Comment 9 Richard Biener 2025-01-09 15:02:38 UTC
(In reply to Hongtao Liu from comment #8)
> > in backend costing we do anticipate the vector construction to happen
> > by loading from memory though, so we don't account for the extra
> > GPR->xmm move penalty.
> Yes, I saw something similar before and had a patch, for ssa_name with
> multiple uses, there should be a GPR->XMM even it's from memory.
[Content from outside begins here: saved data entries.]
(* Q : R -> R -> C (arguments Z, T) is a classical solution of
   i Q_Z + kappa Q_TT + chi |Q|^2 Q = 0 : the first partial derivatives exist
   and are jointly continuous (so Q is C^1), Q_TT exists, and the equation
   holds at every point. *)
Definition nlse_solution (kappa chi : R) (Q : R -> R -> C) : Prop :=
  exists QZ QT QTT : R -> R -> C,
    (forall Z T, is_derive (fun s => Q s T) Z (QZ Z T)) /\
    (forall Z T, is_derive (fun s => Q Z s) T (QT Z T)) /\
    (forall Z T, is_derive (fun s => QT Z s) T (QTT Z T)) /\
    (forall p : R * R, continuous (fun q : R * R => QZ (fst q) (snd q)) p) /\
    (forall p : R * R, continuous (fun q : R * R => QT (fst q) (snd q)) p) /\
    (forall Z T,
       Cplus (Cplus (Cmult Ci (QZ Z T)) (Cmult (RtoC kappa) (QTT Z T)))
             (Cmult (RtoC (chi * (Cmod (Q Z T))^2)) (Q Z T)) = RtoC 0).

Definition target_solution (alpha beta2 gamma : R) (v : R -> R -> C) : Prop :=
  exists vz vt vtt : R -> R -> C,
    (forall z t, is_derive (fun s => v s t) z (vz z t)) /\
    (forall z t, is_derive (fun s => v z s) t (vt z t)) /\
    (forall z t, is_derive (fun s => vt z s) t (vtt z t)) /\
    (forall z t,
       Cplus (Cplus (Cplus (Cmult Ci (vz z t)) (Cmult (RtoC (beta2 / 2)) (vtt z t)))
                    (Cmult (RtoC (- gamma * exp (- alpha * z) * (Cmod (v z t))^2)) (v z t)))
             (Cmult (RtoC (alpha^2 / (2 * beta2) * t^2)) (v z t)) = RtoC 0).

(* The map Q |-> v is a lens-type transformation: v = sqrt K * E * Q(Z, T) with the
   phase-amplitude factor E = exp(-alpha z / 2) exp(i alpha t^2 / (2 beta2)) and the
   rescaled variables Z(z), T(z, t) = K exp(-alpha z) t.  Computing v_z, v_t, v_tt by
   the product and chain rules, the residual of the target equation at (z, t) equals
   sqrt K * E * Z'(z) times the residual of the NLSE at (Z(z), T(z, t)).  Indeed the
   chirp exp(i alpha t^2 / (2 beta2)) cancels the damping term -i alpha v / 2, the
   potential alpha^2 t^2 v / (2 beta2) and the contribution of dT/dz, while
   Z' = -(K gamma / chi) exp(-2 alpha z) and T_t = K exp(-alpha z) turn
   beta2 T_t^2 / 2 into kappa Z' and -gamma exp(-alpha z) |v|^2 into chi Z' |Q|^2;
   both identities amount to K = -2 gamma kappa / (chi beta2). *)

From Stdlib Require Import Reals Lra.
From Coquelicot Require Import Coquelicot.
Open Scope R_scope.

Lemma is_derive_Rmult (f g : R -> R) (x df dg : R) :
  is_derive f x df -> is_derive g x dg ->
  is_derive (fun s => f s * g s) x (df * g x + f x * dg).
Proof. intros Hf Hg. exact (is_derive_mult f g x df dg Hf Hg Rmult_comm). Qed.

Lemma is_derive_comp_2 (q qx : R -> R -> R) (a b : R -> R) (x qy da db : R) :
  (forall u w, is_derive (fun s => q s w) u (qx u w)) ->
  continuous (fun p : R * R => qx (fst p) (snd p)) (a x, b x) ->
  is_derive (fun s => q (a x) s) (b x) qy ->
  is_derive a x da -> is_derive b x db ->
  is_derive (fun s => q (a s) (b s)) x (qx (a x) (b x) * da + qy * db).
Proof.
  intros Hqx Hc Hqy Ha Hb.
  pose proof (is_derive_filterdiff q (a x) (b x) qx qy
                (filter_forall _ (fun p => Hqx (fst p) (snd p))) Hqy Hc) as Hq.
  unfold is_derive in *.
  apply (filterdiff_ext_lin _ _ _
           (filterdiff_comp'_2 a b q x _ _
              (fun u w => plus (scal u (qx (a x) (b x))) (scal w qy)) Ha Hb Hq)).
  intros y. unfold scal, plus; simpl. unfold mult; simpl. ring.
Qed.

Section ComplexValued.
Local Open Scope C_scope.

Lemma is_derive_Re (f : R -> C) (x : R) (l : C) :
  is_derive f x l -> is_derive (fun s => Re (f s)) x (Re l).
Proof.
  intros H.
  apply (filterdiff_comp' f (fun c : C => fst c) x _ (fun c : C => fst c) H).
  apply filterdiff_linear, is_linear_fst.
Qed.

Lemma is_derive_Im (f : R -> C) (x : R) (l : C) :
  is_derive f x l -> is_derive (fun s => Im (f s)) x (Im l).
Proof.
  intros H.
  apply (filterdiff_comp' f (fun c : C => snd c) x _ (fun c : C => snd c) H).
  apply filterdiff_linear, is_linear_snd.
Qed.

Lemma is_derive_C (f : R -> C) (x : R) (l : C) :
  is_derive (fun s => Re (f s)) x (Re l) -> is_derive (fun s => Im (f s)) x (Im l) ->
  is_derive f x l.
Proof.
  intros Hre Him. destruct l as [a b].
  apply filterdiff_ext with (fun s => (Re (f s), Im (f s))).
  { intros s. destruct (f s); reflexivity. }
  apply (filterdiff_comp'_2 (fun s => Re (f s)) (fun s => Im (f s)) (fun u v => (u, v) : C) x
           _ _ (fun u v => (u, v) : C) Hre Him).
  apply filterdiff_ext with (fun c => c); [intros [u v]; reflexivity|].
  apply filterdiff_ext_lin with (fun c => c); [apply filterdiff_id | intros [u v]; reflexivity].
Qed.

Lemma is_derive_Cmult (f g : R -> C) (x : R) (df dg : C) :
  is_derive f x df -> is_derive g x dg ->
  is_derive (fun s => f s * g s) x (df * g x + f x * dg).
Proof.
  intros Hf Hg.
  pose proof (is_derive_Re _ _ _ Hf) as Hf1. pose proof (is_derive_Im _ _ _ Hf) as Hf2.
  pose proof (is_derive_Re _ _ _ Hg) as Hg1. pose proof (is_derive_Im _ _ _ Hg) as Hg2.
  apply is_derive_C.
  - replace (Re (df * g x + f x * dg))
      with (Re df * Re (g x) + Re (f x) * Re dg - (Im df * Im (g x) + Im (f x) * Im dg))%R
      by (unfold Re, Im; simpl; ring).
    apply (is_derive_minus (V := R_NormedModule)
             (fun s => Re (f s) * Re (g s))%R (fun s => Im (f s) * Im (g s))%R);
      apply is_derive_Rmult; assumption.
  - replace (Im (df * g x + f x * dg))
      with (Re df * Im (g x) + Re (f x) * Im dg + (Im df * Re (g x) + Im (f x) * Re dg))%R
      by (unfold Re, Im; simpl; ring).
    apply (is_derive_plus (V := R_NormedModule)
             (fun s => Re (f s) * Im (g s))%R (fun s => Im (f s) * Re (g s))%R);
      apply is_derive_Rmult; assumption.
Qed.

Lemma is_derive_Cmult_l (c : C) (g : R -> C) (x : R) (dg : C) :
  is_derive g x dg -> is_derive (fun s => c * g s) x (c * dg).
Proof.
  intros Hg. replace (c * dg) with (0 * g x + c * dg) by ring.
  apply (is_derive_Cmult (fun _ => c) g x 0 dg); [|exact Hg].
  exact (is_derive_const (K := R_AbsRing) (V := C_R_NormedModule) c x).
Qed.

Lemma is_derive_Cplus (f g : R -> C) (x : R) (df dg : C) :
  is_derive f x df -> is_derive g x dg -> is_derive (fun s => f s + g s) x (df + dg).
Proof. exact (is_derive_plus f g x df dg). Qed.

Lemma is_derive_comp_C (F : R -> C) (a : R -> R) (x da : R) (dF : C) :
  is_derive F (a x) dF -> is_derive a x da -> is_derive (fun s => F (a s)) x (da * dF).
Proof.
  intros HF Ha. replace (da * dF) with (scal da dF).
  - exact (is_derive_comp F a x dF da HF Ha).
  - unfold scal; simpl. unfold prod_scal, scal; simpl. unfold mult; simpl.
    apply injective_projections; simpl; ring.
Qed.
That's probably the conservative answer for BB vectorization, for loop vect
we know all those uses will be also in vector code.  For BB vectorization
there is currently no easly reliable check to ensure this.
Comment 10 Hongtao Liu 2025-01-10 01:50:01 UTC
> That's probably the conservative answer for BB vectorization, for loop vect
> we know all those uses will be also in vector code.  For BB vectorization
> there is currently no easly reliable check to ensure this.

Oh, I see.
Comment 11 GCC Commits 2025-01-15 07:20:01 UTC
The master branch has been updated by Richard Biener <rguenth@gcc.gnu.org>:

https://gcc.gnu.org/g:21edcb95340424efe2e66831f3b32cbab9cc6d31

commit r15-6905-g21edcb95340424efe2e66831f3b32cbab9cc6d31
Author: Richard Biener <rguenther@suse.de>
Date:   Thu Jan 9 11:51:19 2025 +0100

    Fix SLP scalar costing with stmts also used in externals
    
    When we have the situation of an external SLP node that is
    permuted the scalar stmts recorded in the permute node do not
    mean the scalar computation can be removed.  We are removing
    those stmts from the vectorized_scalar_stmts for this reason
    but we fail to check this set when we cost scalar stmts.  Note
    vectorized_scalar_stmts isn't a complete set so also pass
    scalar_stmts_in_externs and check that.
    
    The following fixes this.
    
    This shows in PR115777 when we avoid vectorizing the load, but
    on it's own doesn't help the PR yet.
    
            PR tree-optimization/115777
            * tree-vect-slp.cc (vect_bb_slp_scalar_cost): Do not
            cost a scalar stmt that needs to be preserved.